> MATERIAL FOR THIS EXERCISE:
Section HilbertOperators.
Context {R : realType} {V : lmodType R[i]} {ip : V -> V -> R[i]}.
Hypothesis ipP : inner_product ip.

Local Notation sqnorm x := (complex.Re (ip x x)).

Lemma ipDl x y z : ip (x + y) z = ip x z + ip y z.
Proof. by case: ipP => lin _ _ _; have := lin 1 x y z; rewrite scale1r mul1r. Qed.

Lemma ip0l z : ip 0 z = 0.
Proof. by apply: (addrI (ip 0 z)); rewrite -ipDl !addr0. Qed.

Lemma ipZl a x z : ip (a *: x) z = a * ip x z.
Proof. by case: ipP => lin _ _ _; have := lin a x 0 z; rewrite addr0 ip0l addr0. Qed.

Lemma ipNl x z : ip (- x) z = - ip x z.
Proof. by rewrite -scaleN1r ipZl mulN1r. Qed.

Lemma ip_conj x y : ip y x = (ip x y)^*%C.
Proof. by case: ipP. Qed.

Lemma ipDr x y z : ip x (y + z) = ip x y + ip x z.
Proof. by rewrite [LHS]ip_conj ipDl rmorphD [ip x y]ip_conj [ip x z]ip_conj. Qed.

Lemma ipZr a x y : ip x (a *: y) = a^*%C * ip x y.
Proof. by rewrite [LHS]ip_conj ipZl rmorphM [ip x y]ip_conj. Qed.

Lemma ipNr x z : ip x (- z) = - ip x z.
Proof. by rewrite -scaleN1r ipZr rmorphN1 mulN1r. Qed.

Lemma ip_inj_r u v : (forall x, ip x u = ip x v) -> u = v.
Proof.
case: ipP => _ _ _ definite eq_uv; apply/eqP; rewrite -subr_eq0; apply/eqP.
by apply: definite; rewrite ipDr ipNr eq_uv subrr.
Qed.

Lemma Re_ip_sym x y : complex.Re (ip y x) = complex.Re (ip x y).
Proof. by rewrite ip_conj; case: (ip x y). Qed.

Lemma ip_self_real x : ip x x = (sqnorm x)%:C%C.
Proof. by case: ipP => _ _ + _ => /(_ x) []; case: (ip x x) => a b /= _ ->. Qed.

Lemma sqnorm_ge0 x : 0 <= sqnorm x.
Proof. by case: ipP => _ _ + _ => /(_ x) []. Qed.

Lemma sqnormD x y : sqnorm (x + y) = sqnorm x + sqnorm y + 2 * complex.Re (ip x y).
Proof. by rewrite ipDl !ipDr !raddfD /= (Re_ip_sym x y); lra. Qed.

Lemma sqnormB x y : sqnorm (x - y) = sqnorm x + sqnorm y - 2 * complex.Re (ip x y).
Proof. by rewrite sqnormD ipNl !ipNr opprK raddfN /=; lra. Qed.

Lemma sqnormZ a x :
  sqnorm (a *: x) = (complex.Re a ^+ 2 + complex.Im a ^+ 2) * sqnorm x.
Proof. by rewrite ipZl ipZr ip_self_real; case: a => r s /=; ring. Qed.

Lemma sqnormD_le x y : sqnorm (x + y) <= 2 * sqnorm x + 2 * sqnorm y.
Proof. by have := sqnorm_ge0 (x - y); rewrite sqnormB sqnormD; lra. Qed.

Definition op_linear (T : V -> V) := forall a x y, T (a *: x + y) = a *: T x + T y.

Lemma bounded_opP T : bounded_op ip T <->
  op_linear T /\ exists2 K, 0 <= K & forall x, sqnorm (T x) <= K * sqnorm x.
Proof.
split=> [[linT [M leM]] | [linT [K K_ge0 leK]]]; split=> //.
- exists (M ^+ 2) => [|x]; first exact: sqr_ge0.
  rewrite -(sqr_sqrtr (sqnorm_ge0 (T x))) -(sqr_sqrtr (sqnorm_ge0 x)) -exprMn.
  rewrite ler_pXn2r ?nnegrE ?sqrtr_ge0 //; first exact: leM.
  exact: le_trans (sqrtr_ge0 _) (leM x).
- by exists (Num.sqrt K) => x; rewrite /ipnorm -sqrtrM // ler_wsqrtr.
Qed.

Lemma bounded_op_add {X Y : V -> V} :
  bounded_op ip X -> bounded_op ip Y -> bounded_op ip (op_add X Y).
Proof.
move=> /bounded_opP[linX [KX KX_ge0 leX]] /bounded_opP[linY [KY KY_ge0 leY]].
apply/bounded_opP; split=> [a x y|].
  by rewrite /op_add linX linY scalerDr addrACA.
exists (2 * KX + 2 * KY) => [|x]; first lra.
rewrite /op_add; apply: (le_trans (sqnormD_le _ _)).
by have := leX x; have := leY x; have := sqnorm_ge0 x; nra.
Qed.

Lemma bounded_op_scale (a : R[i]) {X : V -> V} :
  bounded_op ip X -> bounded_op ip (op_scale a X).
Proof.
move=> /bounded_opP[linX [K K_ge0 leK]].
have a2_ge0 : 0 <= complex.Re a ^+ 2 + complex.Im a ^+ 2 by rewrite addr_ge0 ?sqr_ge0.
apply/bounded_opP; split=> [b x y|].
  by rewrite /op_scale linX scalerDr !scalerA mulrC.
exists ((complex.Re a ^+ 2 + complex.Im a ^+ 2) * K) => [|x]; first exact: mulr_ge0.
by rewrite /op_scale sqnormZ -mulrA ler_wpM2l.
Qed.

Lemma op_oppE (X : V -> V) : op_opp X = op_scale (-1) X.
Proof. by apply: funext => x; rewrite /op_opp /op_scale scaleN1r. Qed.

Lemma bounded_op_opp {X : V -> V} : bounded_op ip X -> bounded_op ip (op_opp X).
Proof. by rewrite op_oppE; apply: bounded_op_scale. Qed.

Lemma bounded_op_adjoint {T S : V -> V} :
  bounded_op ip T -> is_adjoint ip T S -> bounded_op ip S.
Proof.
move=> /bounded_opP[linT [K K_ge0 leK]] TS.
apply/bounded_opP; split=> [a x y|].
  by apply: ip_inj_r => z; rewrite -TS ipDr ipZr ipDr ipZr -!TS.
exists ((K + 1) ^+ 2) => [|y]; first exact: sqr_ge0.
have sqnS : sqnorm (S y) = complex.Re (ip (T (S y)) y) by rewrite TS.
(* Expand 0 <= |T (S y) - (K + 1) y|^2 using <T (S y), y> = |S y|^2. *)
have := sqnorm_ge0 (T (S y) - (K + 1)%:C%C *: y).
rewrite sqnormB sqnormZ ipZr conjc_real /= expr0n addr0 -/(sqnorm y).
have -> : complex.Re ((K + 1)%:C%C * ip (T (S y)) y) = (K + 1) * sqnorm (S y).
  by rewrite sqnS; case: (ip _ _) => ? ? /=; ring.
by have := leK (S y); have := sqnorm_ge0 (S y); have := sqnorm_ge0 y; nra.
Qed.

Lemma adjointE {T S : V -> V} : is_adjoint ip T S -> adjoint ip T = S.
Proof.
rewrite /adjoint => TS; case: pselect => [hS | []]; last by exists S.
case: (cid hS) => S' TS' /=; apply: funext => y; apply: ip_inj_r => x.
by rewrite -TS' -TS.
Qed.

Lemma is_adjoint_sym {T S : V -> V} : is_adjoint ip T S -> is_adjoint ip S T.
Proof. by move=> TS x y; rewrite ip_conj -TS -ip_conj. Qed.

Lemma is_adjoint_scale (c : R[i]) {T S : V -> V} :
  is_adjoint ip T S -> is_adjoint ip (op_scale c T) (op_scale c^*%C S).
Proof. by move=> TS x y; rewrite /op_scale ipZl ipZr conjcK TS. Qed.

Lemma is_adjoint_add_adjoint {T S : V -> V} :
  is_adjoint ip T S -> is_adjoint ip (op_add T S) (op_add T S).
Proof.
by move=> TS x y; rewrite /op_add ipDl ipDr TS (is_adjoint_sym TS) addrC.
Qed.

Lemma is_adjoint_sub_adjoint {T S : V -> V} :
  is_adjoint ip T S -> is_adjoint ip (op_add T (op_opp S)) (op_opp (op_add T (op_opp S))).
Proof.
move=> TS x y; rewrite /op_add /op_opp ipDl ipNl ipNr ipDr ipNr TS (is_adjoint_sym TS).
by rewrite opprD opprK addrC.
Qed.

Lemma op_ReE (c : R[i]) {T S : V -> V} : is_adjoint ip T S ->
  op_Re ip (op_scale c T) = op_scale 2^-1 (op_add (op_scale c T) (op_scale c^*%C S)).
Proof. by move=> TS; rewrite /op_Re (adjointE (is_adjoint_scale c TS)). Qed.

Lemma op_Re_expi_selfadjoint t {X : V -> V} :
  is_adjoint ip X X -> op_Re ip (op_scale (expi t) X) = op_scale (cos t)%:C%C X.
Proof.
move=> XX; rewrite (op_ReE _ XX); apply: funext => x.
by rewrite /op_scale /op_add -scalerDl scalerA half_expiDconj.
Qed.

Lemma op_Re_expi_skewadjoint t {X : V -> V} : is_adjoint ip X (op_opp X) ->
  op_Re ip (op_scale (expi t) X) = op_scale (Complex 0 (sin t)) X.
Proof.
move=> XX; rewrite (op_ReE _ XX); apply: funext => x.
by rewrite /op_scale /op_add /op_opp scalerN -scalerBl scalerA half_expiBconj.
Qed.

Lemma op_Re_expi t {T S : V -> V} : is_adjoint ip T S ->
  op_Re ip (op_scale (expi t) T) = op_scale 2^-1
    (op_add (op_scale (cos t)%:C%C (op_add T S))
            (op_scale (Complex 0 (sin t)) (op_add T (op_opp S)))).
Proof.
move=> TS; rewrite (op_ReE _ TS); apply: funext => x.
rewrite /op_scale /op_add /op_opp conj_expiE expiE scalerDl scalerBl.
by rewrite !scalerDr !scalerN addrACA.
Qed.

Context {N : (V -> V) -> R}.
Hypothesis NP : op_norm_on ip N.

Lemma op_norm_scale a {X : V -> V} : bounded_op ip X ->
  N (op_scale a X) = Num.sqrt (complex.Re a ^+ 2 + complex.Im a ^+ 2) * N X.
Proof.
case: NP => _ _ NZ _ bX; have := NZ a X bX; rewrite normc_def.
by case: a => r s /= [-> _]; rewrite mulr0 subr0.
Qed.

Lemma op_norm_scaleR (r : R) {X : V -> V} : bounded_op ip X ->
  N (op_scale r%:C%C X) = `|r| * N X.
Proof. by move=> bX; rewrite op_norm_scale //= expr0n addr0 sqrtr_sqr. Qed.

Lemma op_norm_scaleI (r : R) {X : V -> V} : bounded_op ip X ->
  N (op_scale (Complex 0 r) X) = `|r| * N X.
Proof. by move=> bX; rewrite op_norm_scale //= expr0n add0r sqrtr_sqr. Qed.

Lemma wN_selfadjoint {X : V -> V} :
  bounded_op ip X -> is_adjoint ip X X -> wN ip N X = N X.
Proof.
move=> bX XX; have NX_ge0 : 0 <= N X by case: NP => + _ _ _; apply.
rewrite /wN (sup_image_attained _ 0) => [|t].
  by rewrite op_Re_expi_selfadjoint // op_norm_scaleR // cos0 normr1 mul1r.
rewrite !op_Re_expi_selfadjoint // !op_norm_scaleR // cos0 normr1 mul1r.
exact: ler_piMl (cos_max t).
Qed.

Lemma wN_skewadjoint {X : V -> V} :
  bounded_op ip X -> is_adjoint ip X (op_opp X) -> wN ip N X = N X.
Proof.
move=> bX XX; have NX_ge0 : 0 <= N X by case: NP => + _ _ _; apply.
rewrite /wN (sup_image_attained _ (pi / 2)) => [|t].
  by rewrite op_Re_expi_skewadjoint // op_norm_scaleI // sin_pihalf normr1 mul1r.
rewrite !op_Re_expi_skewadjoint // !op_norm_scaleI // sin_pihalf normr1 mul1r.
exact: ler_piMl (sin_max t).
Qed.

Section Decomposition.
Context {T S : V -> V}.
Hypotheses (bT : bounded_op ip T) (TS : is_adjoint ip T S).

Let bS : bounded_op ip S := bounded_op_adjoint bT TS.
Let bA : bounded_op ip (op_add T S) := bounded_op_add bT bS.
Let bB : bounded_op ip (op_add T (op_opp S)) := bounded_op_add bT (bounded_op_opp bS).

Lemma op_norm_Re_expi t : N (op_Re ip (op_scale (expi t) T)) =
  2^-1 * N (op_add (op_scale (cos t)%:C%C (op_add T S))
                   (op_scale (Complex 0 (sin t)) (op_add T (op_opp S)))).
Proof.
rewrite (op_Re_expi _ TS) halfC op_norm_scaleR ?ger0_norm //.
exact: bounded_op_add (bounded_op_scale _ bA) (bounded_op_scale _ bB).
Qed.

Lemma op_norm_Re_expi_le t : N (op_Re ip (op_scale (expi t) T)) <=
  2^-1 * Num.sqrt (N (op_add T S) ^+ 2 + N (op_add T (op_opp S)) ^+ 2).
Proof.
case: NP => _ _ _ NtriangleD.
rewrite op_norm_Re_expi ler_wpM2l //.
apply: le_trans (NtriangleD _ _ (bounded_op_scale _ bA) (bounded_op_scale _ bB)) _.
rewrite op_norm_scaleR // op_norm_scaleI // cauchy_schwarz2_unit //.
by rewrite !real_normK ?num_real // cos2Dsin2.
Qed.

> YOUR GOAL:
Your task is to restate, word for word, each line from the one that includes "by rewrite op_Re_expi_selfadjoint" to the end of the records, with both ends included and nothing else.

> WRITTEN ANSWER:
  by rewrite op_Re_expi_selfadjoint // op_norm_scaleR // cos0 normr1 mul1r.
rewrite !op_Re_expi_selfadjoint // !op_norm_scaleR // cos0 normr1 mul1r.
exact: ler_piMl (cos_max t).
Qed.

Lemma wN_skewadjoint {X : V -> V} :
  bounded_op ip X -> is_adjoint ip X (op_opp X) -> wN ip N X = N X.
Proof.
move=> bX XX; have NX_ge0 : 0 <= N X by case: NP => + _ _ _; apply.
rewrite /wN (sup_image_attained _ (pi / 2)) => [|t].
  by rewrite op_Re_expi_skewadjoint // op_norm_scaleI // sin_pihalf normr1 mul1r.
rewrite !op_Re_expi_skewadjoint // !op_norm_scaleI // sin_pihalf normr1 mul1r.
exact: ler_piMl (sin_max t).
Qed.

Section Decomposition.
Context {T S : V -> V}.
Hypotheses (bT : bounded_op ip T) (TS : is_adjoint ip T S).

Let bS : bounded_op ip S := bounded_op_adjoint bT TS.
Let bA : bounded_op ip (op_add T S) := bounded_op_add bT bS.
Let bB : bounded_op ip (op_add T (op_opp S)) := bounded_op_add bT (bounded_op_opp bS).

Lemma op_norm_Re_expi t : N (op_Re ip (op_scale (expi t) T)) =
  2^-1 * N (op_add (op_scale (cos t)%:C%C (op_add T S))
                   (op_scale (Complex 0 (sin t)) (op_add T (op_opp S)))).
Proof.
rewrite (op_Re_expi _ TS) halfC op_norm_scaleR ?ger0_norm //.
exact: bounded_op_add (bounded_op_scale _ bA) (bounded_op_scale _ bB).
Qed.

Lemma op_norm_Re_expi_le t : N (op_Re ip (op_scale (expi t) T)) <=
  2^-1 * Num.sqrt (N (op_add T S) ^+ 2 + N (op_add T (op_opp S)) ^+ 2).
Proof.
case: NP => _ _ _ NtriangleD.
rewrite op_norm_Re_expi ler_wpM2l //.
apply: le_trans (NtriangleD _ _ (bounded_op_scale _ bA) (bounded_op_scale _ bB)) _.
rewrite op_norm_scaleR // op_norm_scaleI // cauchy_schwarz2_unit //.
by rewrite !real_normK ?num_real // cos2Dsin2.
Qed.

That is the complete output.